Saved data entries

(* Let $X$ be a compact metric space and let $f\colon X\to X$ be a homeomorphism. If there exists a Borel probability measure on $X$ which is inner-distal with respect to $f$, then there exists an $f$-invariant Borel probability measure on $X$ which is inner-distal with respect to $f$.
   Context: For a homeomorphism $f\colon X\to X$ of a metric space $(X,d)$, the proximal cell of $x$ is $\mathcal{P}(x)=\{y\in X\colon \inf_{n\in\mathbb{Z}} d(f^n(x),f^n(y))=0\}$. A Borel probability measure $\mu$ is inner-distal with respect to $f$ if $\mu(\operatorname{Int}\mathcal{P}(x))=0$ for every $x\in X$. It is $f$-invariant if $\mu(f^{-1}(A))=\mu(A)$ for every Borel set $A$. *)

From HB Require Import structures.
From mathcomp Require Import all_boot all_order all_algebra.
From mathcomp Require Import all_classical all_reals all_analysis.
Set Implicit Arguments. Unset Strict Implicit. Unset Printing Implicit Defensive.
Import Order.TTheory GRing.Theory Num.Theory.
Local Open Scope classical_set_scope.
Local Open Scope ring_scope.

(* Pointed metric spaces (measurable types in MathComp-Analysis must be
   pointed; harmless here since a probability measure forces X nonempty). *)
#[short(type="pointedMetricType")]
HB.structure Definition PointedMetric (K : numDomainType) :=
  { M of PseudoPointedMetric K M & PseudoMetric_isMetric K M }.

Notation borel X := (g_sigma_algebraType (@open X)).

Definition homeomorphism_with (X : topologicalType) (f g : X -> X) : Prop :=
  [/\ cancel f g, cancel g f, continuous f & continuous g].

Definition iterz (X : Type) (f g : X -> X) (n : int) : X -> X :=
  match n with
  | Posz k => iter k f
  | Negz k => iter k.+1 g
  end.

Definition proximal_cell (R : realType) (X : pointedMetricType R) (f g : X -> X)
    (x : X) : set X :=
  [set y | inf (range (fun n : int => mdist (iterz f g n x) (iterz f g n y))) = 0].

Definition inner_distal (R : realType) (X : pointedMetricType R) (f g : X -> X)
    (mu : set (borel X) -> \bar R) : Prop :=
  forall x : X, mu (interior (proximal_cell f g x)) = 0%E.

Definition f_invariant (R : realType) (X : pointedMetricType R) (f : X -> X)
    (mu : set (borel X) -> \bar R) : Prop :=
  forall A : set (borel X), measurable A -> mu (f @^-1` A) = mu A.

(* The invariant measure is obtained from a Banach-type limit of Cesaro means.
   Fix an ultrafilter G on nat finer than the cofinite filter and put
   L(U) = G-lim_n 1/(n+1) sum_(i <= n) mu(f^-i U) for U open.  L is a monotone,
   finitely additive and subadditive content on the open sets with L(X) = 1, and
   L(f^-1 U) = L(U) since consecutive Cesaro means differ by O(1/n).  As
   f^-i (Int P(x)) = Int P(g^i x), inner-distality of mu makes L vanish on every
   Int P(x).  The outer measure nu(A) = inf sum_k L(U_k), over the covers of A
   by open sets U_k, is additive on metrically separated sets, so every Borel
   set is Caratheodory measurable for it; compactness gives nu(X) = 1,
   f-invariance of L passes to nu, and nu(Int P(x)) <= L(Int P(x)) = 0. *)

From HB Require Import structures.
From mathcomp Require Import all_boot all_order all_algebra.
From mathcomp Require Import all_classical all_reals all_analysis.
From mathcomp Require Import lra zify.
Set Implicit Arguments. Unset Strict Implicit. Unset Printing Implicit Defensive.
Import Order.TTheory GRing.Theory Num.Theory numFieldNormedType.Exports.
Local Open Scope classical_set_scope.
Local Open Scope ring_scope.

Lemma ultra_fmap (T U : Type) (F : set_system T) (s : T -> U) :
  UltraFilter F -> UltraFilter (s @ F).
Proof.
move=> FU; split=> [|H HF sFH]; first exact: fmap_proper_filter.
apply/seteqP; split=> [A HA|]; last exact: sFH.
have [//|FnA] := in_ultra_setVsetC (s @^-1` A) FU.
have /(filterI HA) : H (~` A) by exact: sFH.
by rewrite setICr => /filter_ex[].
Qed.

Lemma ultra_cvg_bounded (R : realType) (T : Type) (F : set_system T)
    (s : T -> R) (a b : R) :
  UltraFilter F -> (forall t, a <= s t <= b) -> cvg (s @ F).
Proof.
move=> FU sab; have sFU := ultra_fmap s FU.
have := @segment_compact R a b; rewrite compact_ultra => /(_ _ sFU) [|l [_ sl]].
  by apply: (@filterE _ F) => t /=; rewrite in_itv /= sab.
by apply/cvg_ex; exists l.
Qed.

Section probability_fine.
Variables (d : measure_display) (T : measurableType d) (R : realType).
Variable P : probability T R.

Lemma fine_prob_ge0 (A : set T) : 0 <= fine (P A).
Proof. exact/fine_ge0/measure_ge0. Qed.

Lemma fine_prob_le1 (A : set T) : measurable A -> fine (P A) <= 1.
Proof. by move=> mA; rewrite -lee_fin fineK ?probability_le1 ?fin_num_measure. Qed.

→ WHAT TO DO: Using the entries shown above, reproduce verbatim the lines from the line bearing "have /(filterI HA)" to the line bearing "Variable P : probability T R.", inclusive.

→ ANSWER SECTION:
have /(filterI HA) : H (~` A) by exact: sFH.
by rewrite setICr => /filter_ex[].
Qed.

Lemma ultra_cvg_bounded (R : realType) (T : Type) (F : set_system T)
    (s : T -> R) (a b : R) :
  UltraFilter F -> (forall t, a <= s t <= b) -> cvg (s @ F).
Proof.
move=> FU sab; have sFU := ultra_fmap s FU.
have := @segment_compact R a b; rewrite compact_ultra => /(_ _ sFU) [|l [_ sl]].
  by apply: (@filterE _ F) => t /=; rewrite in_itv /= sab.
by apply/cvg_ex; exists l.
Qed.

Section probability_fine.
Variables (d : measure_display) (T : measurableType d) (R : realType).
Variable P : probability T R.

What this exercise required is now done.